▶ [Exercise]: Show each line from the records below in which the word "lambda" occurs.

▶ [Collected data entries]:
======
(* In the setting below, for every $w\in W_M^Q$, \[ (\chi^M_w-\chi^H_w)(x_Q) = |I_w^M\le s|. \]
   Context: Fix $1\le k\le s<r$. Let $\epsilon_1,\ldots,\epsilon_r$ be an orthonormal basis of a real/complex weight space $\mathfrak{h}^*$, $\epsilon_1^*,\ldots,\epsilon_r^*$ the dual basis of $\mathfrak{h}$. $M=\mathrm{Sp}(2s)\times\mathrm{Sp}(2(r-s))$ has positive roots $R_M^+$: $\epsilon_i\pm\epsilon_j$ ($1\le i<j\le s$), $2\epsilon_i$ ($1\le i\le s$), and $\epsilon_i\pm\epsilon_j$ ($s<i<j\le r$), $2\epsilon_i$ ($s<i\le r$). $H=\mathrm{SO}(2s+1)\times\mathrm{Sp}(2(r-s))$ has the same weight space, positive roots $R^+_H$: $\epsilon_i\pm\epsilon_j$ ($1\le i<j\le s$), $\epsilon_i$ ($1\le i\le s$), and the same second-factor roots as $M$. $M$ and $H$ share the Weyl group $W_M$. $Q$ is the maximal parabolic of $M$ associated to omitting the simple root $\epsilon_k-\epsilon_{k+1}$ of the first factor (so $M/Q\cong\mathrm{IG}(k,2s)$), $Q^H$ the corresponding parabolic of $H$, and $W_M^Q$ the minimal length coset representatives (the same for $Q$ and $Q^H$). $x_Q=\sum_{i=1}^k\epsilon_i^*$. $\chi^M_w=\sum_{\beta\in(R^+_M\setminus R^+_{L})\cap w^{-1}R^+_M}\beta$ with $R^+_L$ the positive roots of the Levi of $Q$, and $\chi^H_w$ defined likewise with $R^+_H$ and the Levi of $Q^H$. $I^M_w\subseteq\{1,\ldots,2s\}$ is the $k$-subset indexing the Schubert cell $C^M_w$ of $\mathrm{IG}(k,2s)$ relative to the standard isotropic flag of $\mathbb{C}^{2s}$ with ordered basis $e_1,\ldots,e_s,e_s',\ldots,e_1'$ (the cell being $\{W:\dim(W\cap F_j)=|\{i\in I^M_w:i\le j\}|\ \forall j\}$), and $|I\le s|$ is the number of elements of $I$ that are $\le s$. *)

(* Weight space = row vectors 'rV[int]_r, coordinates w.r.t.
   eps_1..eps_r (0-based indices: eps_(i+1) is 'e_i). *)
From mathcomp Require Import all_boot all_order all_algebra all_fingroup.
Set Implicit Arguments. Unset Strict Implicit. Unset Printing Implicit Defensive.
Import GRing.Theory.
Local Open Scope ring_scope.

Definition eps (r : nat) (i : 'I_r) : 'rV[int]_r := delta_mx 0 i.

Definition rminus (r : nat) (P : 'I_r -> 'I_r -> bool) : seq 'rV[int]_r :=
  [seq eps p.1 - eps p.2 | p <- enum [pred p : 'I_r * 'I_r | (p.1 < p.2)%N && P p.1 p.2]].
Definition rplus (r : nat) (P : 'I_r -> 'I_r -> bool) : seq 'rV[int]_r :=
  [seq eps p.1 + eps p.2 | p <- enum [pred p : 'I_r * 'I_r | (p.1 < p.2)%N && P p.1 p.2]].
Definition rlong (r : nat) (c : int) (Q : 'I_r -> bool) : seq 'rV[int]_r :=
  [seq c *: eps i | i <- enum [pred i : 'I_r | Q i]].

Definition sameblock (r s : nat) (i j : 'I_r) : bool := ((i < s)%N == (j < s)%N).

(* R_M^+ for M = Sp(2s) x Sp(2(r-s)) *)
Definition RMpos (r s : nat) : seq 'rV[int]_r :=
  rminus (@sameblock r s) ++ rplus (@sameblock r s) ++ rlong 2 (fun _ => true).
(* R_H^+ for H = SO(2s+1) x Sp(2(r-s)) *)
Definition RHpos (r s : nat) : seq 'rV[int]_r :=
  rminus (@sameblock r s) ++ rplus (@sameblock r s)
  ++ rlong 1 (fun i => (i < s)%N) ++ rlong 2 (fun i => (s <= i)%N).

(* pairs i<j lying in the same block of the Levi GL(k) x (rank s-k) x (second factor) *)
Definition leviA (r k s : nat) (i j : 'I_r) : bool :=
  [|| (j < k)%N, (k <= i)%N && (j < s)%N | (s <= i)%N].
Definition leviC (r k s : nat) (i j : 'I_r) : bool :=
  ((k <= i)%N && (j < s)%N) || (s <= i)%N.
Definition RLMpos (r k s : nat) : seq 'rV[int]_r :=
  rminus (@leviA r k s) ++ rplus (@leviC r k s) ++ rlong 2 (fun i => (k <= i)%N).
Definition RLHpos (r k s : nat) : seq 'rV[int]_r :=
  rminus (@leviA r k s) ++ rplus (@leviC r k s)
  ++ rlong 1 (fun i => (k <= i)%N && (i < s)%N) ++ rlong 2 (fun i => (s <= i)%N).

(* Weyl group elements as signed permutation matrices acting on the right:
   w(lambda) := lambda *m A, so w(eps_i) = (-1)^(sg i) eps_(sigma i). *)
Definition spmx (r : nat) (sigma : {perm 'I_r}) (sg : {ffun 'I_r -> bool}) : 'M[int]_r :=
  \matrix_(i, j) (if sigma i == j then (-1) ^+ sg i else 0).
Definition blockpres (r s : nat) (sigma : {perm 'I_r}) : bool :=
  [forall i : 'I_r, (sigma i < s)%N == (i < s)%N].

Definition isWM (r s : nat) (A : 'M[int]_r) : bool :=
  [exists sigma : {perm 'I_r}, exists sg : {ffun 'I_r -> bool},
     (A == spmx sigma sg) && blockpres s sigma].
(* W_L: Weyl group of the Levi of Q = S_k x W(C_(s-k)) x W(C_(r-s)) *)
Definition isWL (r k s : nat) (A : 'M[int]_r) : bool :=
  [exists sigma : {perm 'I_r}, exists sg : {ffun 'I_r -> bool},
     [&& A == spmx sigma sg, blockpres s sigma &
         [forall i : 'I_r, (i < k)%N ==> ((sigma i < k)%N && ~~ sg i)]]].

Definition wlen (r s : nat) (A : 'M[int]_r) : nat :=
  count (fun a => a *m A \notin RMpos r s) (RMpos r s).

(* W_M^Q: minimal length representatives of the cosets w W_L
   (the product w v, v in W_L, acts as lambda |-> (lambda *m V) *m A) *)
Definition inWMQ (r k s : nat) (A : 'M[int]_r) : Prop :=
  isWM s A /\ forall V : 'M[int]_r, isWL k s V -> (wlen s A <= wlen s (V *m A))%N.

Definition chi (r : nat) (R RL : seq 'rV[int]_r) (A : 'M[int]_r) : 'rV[int]_r :=
  \sum_(b <- R | (b \notin RL) && (b *m A \in R)) b.
Definition chiM (r k s : nat) (A : 'M[int]_r) := chi (RMpos r s) (RLMpos r k s) A.
Definition chiH (r k s : nat) (A : 'M[int]_r) := chi (RHpos r s) (RLHpos r k s) A.

Definition evxQ (r k : nat) (b : 'rV[int]_r) : int := \sum_(i < r | (i < k)%N) b 0 i.

(* I_w^M (0-based, as subset of 'I_(2s)): basis e_1..e_s,e_s',..,e_1' is indexed
   0..2s-1; the T-fixed point wQ is span{w e_1,..,w e_k}, where w e_i = e_j if
   w eps_i = eps_j and w e_i = e_j' if w eps_i = -eps_j. *)
Definition Iw (r k s : nat) (A : 'M[int]_r) : {set 'I_(s + s)} :=
  [set x : 'I_(s + s) | [exists i : 'I_r, exists j : 'I_r,
     [&& (i < k)%N, (j < s)%N &
        ((A i j == 1) && ((x : nat) == j)) ||
        ((A i j == -1) && ((x : nat) == (s + s).-1 - j)%N)]]].

From mathcomp Require Import all_boot all_order all_algebra all_fingroup.
From mathcomp Require Import zify.
Import GRing.Theory.
Set Implicit Arguments. Unset Strict Implicit.
Local Open Scope ring_scope.

(* The roots +-eps_i +-eps_j are common to M and H, with the same Levi parts,
   and a signed permutation w maps them to roots of the same shape; so they
   contribute equally to chi^M_w and chi^H_w.  What remains is 2 eps_i against
   eps_i for i <= k with w eps_i positive (for larger i both lie in the Levi),
   hence chi^M_w - chi^H_w = sum of those eps_i, whose value at x_Q counts them;
   i |-> w eps_i = eps_(sigma i) is a bijection from them onto I^M_w cap [1, s]. *)

Section Weights.
Variable r : nat.
Implicit Types (i j p q : 'I_r) (c d u w : int) (x : 'rV[int]_r).

Lemma eps_coord i j : eps i 0 j = (i == j)%:R.
Proof. by rewrite /eps mxE eqxx /= eq_sym. Qed.

Lemma scale_eps_mulmx_spmx (sigma : {perm 'I_r}) (sg : {ffun 'I_r -> bool}) d i :
  (d *: eps i) *m spmx sigma sg = (d * (-1) ^+ sg i) *: eps (sigma i).
Proof.
rewrite -scalemxAl -scalerA; congr (_ *: _); apply/rowP => j.
rewrite mxE (bigD1 i) //= big1 => [|l li]; last first.
  by rewrite eps_coord eq_sym (negbTE li) mul0r.
by rewrite !mxE !eqxx mul1r addr0 eq_sym; case: eqP; rewrite ?mulr1 ?mulr0.
Qed.

Definition short_weight x :=
  exists p q u w, [/\ p != q, u != 0, w != 0 & x = u *: eps p + w *: eps q].

Lemma short_weight_neq_long x c i : short_weight x -> x != c *: eps i.
Proof.
case=> p [q [u [w [pq u0 w0 ->]]]]; apply/eqP/rowP.
have [->|ip] := eqVneq i p; [move/(_ q) | move/(_ p)];
  rewrite !mxE /= !eqxx ?[q == p]eq_sym ?[p == i]eq_sym (negbTE pq) ?(negbTE ip);
  rewrite !mulr0 !mulr1 ?addr0 ?add0r => /eqP; exact/negP.
Qed.

Lemma short_weight_rminus P x : x \in rminus P -> short_weight x.
Proof.
case/mapP => -[a b]; rewrite mem_enum inE /= => /andP[ab _] ->.
by exists a, b, 1, (-1); rewrite neq_ltn ab scaleNr !scale1r.
Qed.

Lemma short_weight_rplus P x : x \in rplus P -> short_weight x.
Proof.
case/mapP => -[a b]; rewrite mem_enum inE /= => /andP[ab _] ->.
by exists a, b, 1, 1; rewrite neq_ltn ab !scale1r.
Qed.

Lemma short_weight_mulmx_spmx (sigma : {perm 'I_r}) sg x :
  short_weight x -> short_weight (x *m spmx sigma sg).
Proof.
case=> p [q [u [w [pq u0 w0 ->]]]].
exists (sigma p), (sigma q), (u * (-1) ^+ sg p), (w * (-1) ^+ sg q).
by rewrite (inj_eq perm_inj) !mulf_neq0 ?signr_eq0 // mulmxDl !scale_eps_mulmx_spmx.
Qed.

Lemma short_weight_notin_rlong c Q x : short_weight x -> (x \in rlong c Q) = false.
Proof.
move=> xs; apply/negbTE/negP => /mapP[i _ /eqP].
exact/negP/short_weight_neq_long.
Qed.

Lemma scale_eps_notin_rminus P d j : (d *: eps j \in rminus P) = false.
Proof.
apply/negbTE/negP => /short_weight_rminus/(short_weight_neq_long d j).
by rewrite eqxx.
Qed.

Lemma scale_eps_notin_rplus P d j : (d *: eps j \in rplus P) = false.
Proof.
apply/negbTE/negP => /short_weight_rplus/(short_weight_neq_long d j).
by rewrite eqxx.
Qed.

Lemma scale_eps_in_rlong c Q d j :
  d != 0 -> (d *: eps j \in rlong c Q) = (d == c) && Q j.
Proof.
move=> d0; apply/mapP/andP => [[i]|[/eqP -> Qj]]; last by exists j; rewrite ?mem_enum.
rewrite mem_enum => Qi /rowP/(_ j); rewrite !mxE /= !eqxx mulr1.
have [-> ->|_ d00] := eqVneq j i; first by rewrite mulr1.
by rewrite d00 mulr0 eqxx in d0.
Qed.

Lemma sum_rlong c Q (P : pred 'rV[int]_r) :
  \sum_(b <- rlong c Q | P b) b = \sum_(i | Q i && P (c *: eps i)) c *: eps i.
Proof. by rewrite big_map big_enum_cond. Qed.

End Weights.

Lemma blockpres_ltE r s (sigma : {perm 'I_r}) :
  blockpres s sigma -> forall i, (sigma i < s)%N = (i < s)%N.
Proof. by move=> /forallP hs i; rewrite (eqP (hs i)). Qed.

Lemma evxQ_sum r k (I : Type) (l : seq I) (P : pred I) (F : I -> 'rV[int]_r) :
  evxQ k (\sum_(x <- l | P x) F x) = \sum_(x <- l | P x) evxQ k (F x).
Proof.
apply: (big_morph (evxQ k)) => [a b|]; rewrite /evxQ.
  by rewrite -big_split; apply: eq_bigr => j _; rewrite mxE.
by rewrite big1 // => j _; rewrite mxE.
Qed.

Lemma evxQ_eps r k (i : 'I_r) : (i < k)%N -> evxQ k (eps i) = 1.
Proof.
move=> ik; rewrite /evxQ (bigD1 i) //= eps_coord eqxx big1 ?addr0 //.
move=> j /andP[_ ji].
by rewrite eps_coord eq_sym (negbTE ji).
Qed.

Lemma evxQ_sum_eps r k (P : pred 'I_r) :
  evxQ k (\sum_(i : 'I_r | (i < k)%N && P i) eps i) =
  #|[set i : 'I_r | (i < k)%N && P i]|%:Z.
Proof.
rewrite evxQ_sum (eq_bigr (fun=> 1)) => [|i /andP[ik _]]; last exact: evxQ_eps.
by rewrite sumr_const cardsE natz.
Qed.

Lemma mem_Iw_spmx_low r k s (sigma : {perm 'I_r}) sg (x : 'I_(s + s)) :
  (x < s)%N -> (x \in Iw k s (spmx sigma sg)) =
  [exists i : 'I_r, [&& (i < k)%N, ~~ sg i & sigma i == x :> nat]].
Proof.
move=> xs; rewrite inE; apply/existsP/existsP => -[i].
  case/existsP => j /and3P[ik js]; rewrite mxE.
  case/orP => /andP[+ /eqP xj]; last by lia.
  case: (sigma i =P j) => // sij sg1; exists i; rewrite ik xj sij eqxx andbT.
  by move: sg1; case: (sg i).
case/and3P => ik nsg /eqP sx; exists i; apply/existsP; exists (sigma i).
by rewrite ik sx xs mxE eqxx (negbTE nsg) eqxx.
Qed.

Lemma card_Iw_spmx_low r k s (sigma : {perm 'I_r}) sg :
  (k <= s)%N -> blockpres s sigma ->
  #|[set x in Iw k s (spmx sigma sg) | (x < s)%N]| =
  #|[set i : 'I_r | (i < k)%N && ~~ sg i]|.
Proof.
move=> ks /blockpres_ltE sigma_lt; set Y := [set i : 'I_r | _].
have sigmaY i : i \in Y -> (sigma i < s)%N.
  by rewrite inE sigma_lt => /andP[ik _]; apply: leq_trans ks.
have [s0|s_gt0] := posnP s.
  rewrite (_ : Y = set0) ?cards0; last first.
    by apply/setP => i; rewrite in_set0; apply/negbTE/negP => /sigmaY; rewrite s0.
  apply/eqP; rewrite cards_eq0; apply/eqP/setP => x.
  by rewrite !inE; apply/negbTE/negP => /andP[_ xs]; lia.
pose h i : 'I_(s + s) := insubd (Ordinal (ltn_addr s s_gt0)) (sigma i : nat).
have hE i : i \in Y -> h i = sigma i :> nat.
  by move/sigmaY => si; rewrite val_insubd ltn_addr.
have -> : [set x in Iw k s (spmx sigma sg) | (x < s)%N] = h @: Y.
  apply/setP => x; rewrite inE; apply/andP/imsetP => [[+ xs]|[i iY ->]].
    rewrite mem_Iw_spmx_low // => /existsP[i /and3P[ik nsg /eqP sx]].
    have iY : i \in Y by rewrite inE ik.
    by exists i => //; apply/val_inj; rewrite /= hE.
  have hs : (h i < s)%N by rewrite hE ?sigmaY.
  rewrite mem_Iw_spmx_low //; split=> //; apply/existsP; exists i.
  by rewrite hE // eqxx andbT; move: iY; rewrite inE.
rewrite (card_in_imset (f := h)) // => i j iY jY /(congr1 val) /=.
by rewrite !hE // => /val_inj/perm_inj.
Qed.

Section SignedPermutation.
Variables (r k s : nat) (sigma : {perm 'I_r}) (sg : {ffun 'I_r -> bool}).
Hypotheses (ks : (k <= s)%N) (sigma_block : blockpres s sigma).
Local Notation w := (spmx sigma sg).

Lemma sum_short_roots_chiM_chiH (l : seq 'rV[int]_r) : {in l, forall b, short_weight b} ->
  \sum_(b <- l | (b \notin RLMpos r k s) && (b *m w \in RMpos r s)) b =
  \sum_(b <- l | (b \notin RLHpos r k s) && (b *m w \in RHpos r s)) b.
Proof.
move=> l_short; rewrite big_mkcond [RHS]big_mkcond; apply: eq_big_seq => b /l_short bs.
have bws := short_weight_mulmx_spmx sigma sg bs.
by rewrite /RLMpos /RLHpos /RMpos /RHpos !mem_cat !(short_weight_notin_rlong _ _ bs)
  !(short_weight_notin_rlong _ _ bws) !orbF.
Qed.

Lemma chiM_filter_2eps (i : 'I_r) :
  (2 *: eps i \notin RLMpos r k s) && (2 *: eps i *m w \in RMpos r s) =
  (i < k)%N && ~~ sg i.
Proof.
rewrite /RLMpos /RMpos !mem_cat scale_eps_mulmx_spmx !scale_eps_notin_rminus.
rewrite !scale_eps_notin_rplus !scale_eps_in_rlong ?mulf_neq0 ?signr_eq0 //= -ltnNge.
by case: (sg i).
Qed.

Lemma chiH_filter_eps (i : 'I_r) : (i < s)%N &&
    ((1 *: eps i \notin RLHpos r k s) && (1 *: eps i *m w \in RHpos r s)) =
  (i < k)%N && ~~ sg i.
Proof.
rewrite /RLHpos /RHpos !mem_cat scale_eps_mulmx_spmx !scale_eps_notin_rminus.
rewrite !scale_eps_notin_rplus !scale_eps_in_rlong ?mulf_neq0 ?signr_eq0 //=.
rewrite mul1r orbF (blockpres_ltE sigma_block).
case: (ltnP i s) => [i_lt_s|s_le_i] /=.
  by rewrite !andbT -ltnNge; case: (sg i).
by rewrite ltnNge (leq_trans ks s_le_i).
Qed.

Lemma chiH_filter_2eps (i : 'I_r) : (s <= i)%N &&
  ((2 *: eps i \notin RLHpos r k s) && (2 *: eps i *m w \in RHpos r s)) = false.
Proof.
apply/negbTE; rewrite negb_and -implybE; apply/implyP => si.
by rewrite /RLHpos !mem_cat !scale_eps_in_rlong // eqxx si !orbT.
Qed.

Lemma chiM_sub_chiH_spmx :
  chiM k s w - chiH k s w = \sum_(i < r | (i < k)%N && ~~ sg i) eps i.
Proof.
rewrite /chiM /chiH /chi {1}/RMpos {1}/RHpos !big_cat /=.
rewrite (sum_short_roots_chiM_chiH (@short_weight_rminus _ _)).
rewrite (sum_short_roots_chiM_chiH (@short_weight_rplus _ _)).
rewrite !sum_rlong (eq_bigl _ _ chiM_filter_2eps) (eq_bigl _ _ chiH_filter_eps).
rewrite (eq_bigl _ _ chiH_filter_2eps) big_pred0_eq addr0.
rewrite !opprD addrACA subrr add0r addrACA subrr add0r -sumrB.
by apply: eq_bigr => i _; rewrite scale1r scaler_nat mulr2n addrK.
Qed.

End SignedPermutation.

Theorem mainTheorem8 (k s r : nat) (hk : (1 <= k)%N) (hks : (k <= s)%N) (hsr : (s < r)%N)
  (A : 'M[int]_r) (hA : inWMQ k s A) :
  evxQ k (chiM k s A - chiH k s A) = (#|[set x in Iw k s A | (x < s)%N]|)%:Z.
Proof.
case: hA => /existsP[sigma /existsP[sg /andP[/eqP -> sigma_block]]] _.
by rewrite chiM_sub_chiH_spmx // evxQ_sum_eps card_Iw_spmx_low.
Qed.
======
▶ [Problem solution]:
   w(lambda) := lambda *m A, so w(eps_i) = (-1)^(sg i) eps_(sigma i). *)
   (the product w v, v in W_L, acts as lambda |-> (lambda *m V) *m A) *)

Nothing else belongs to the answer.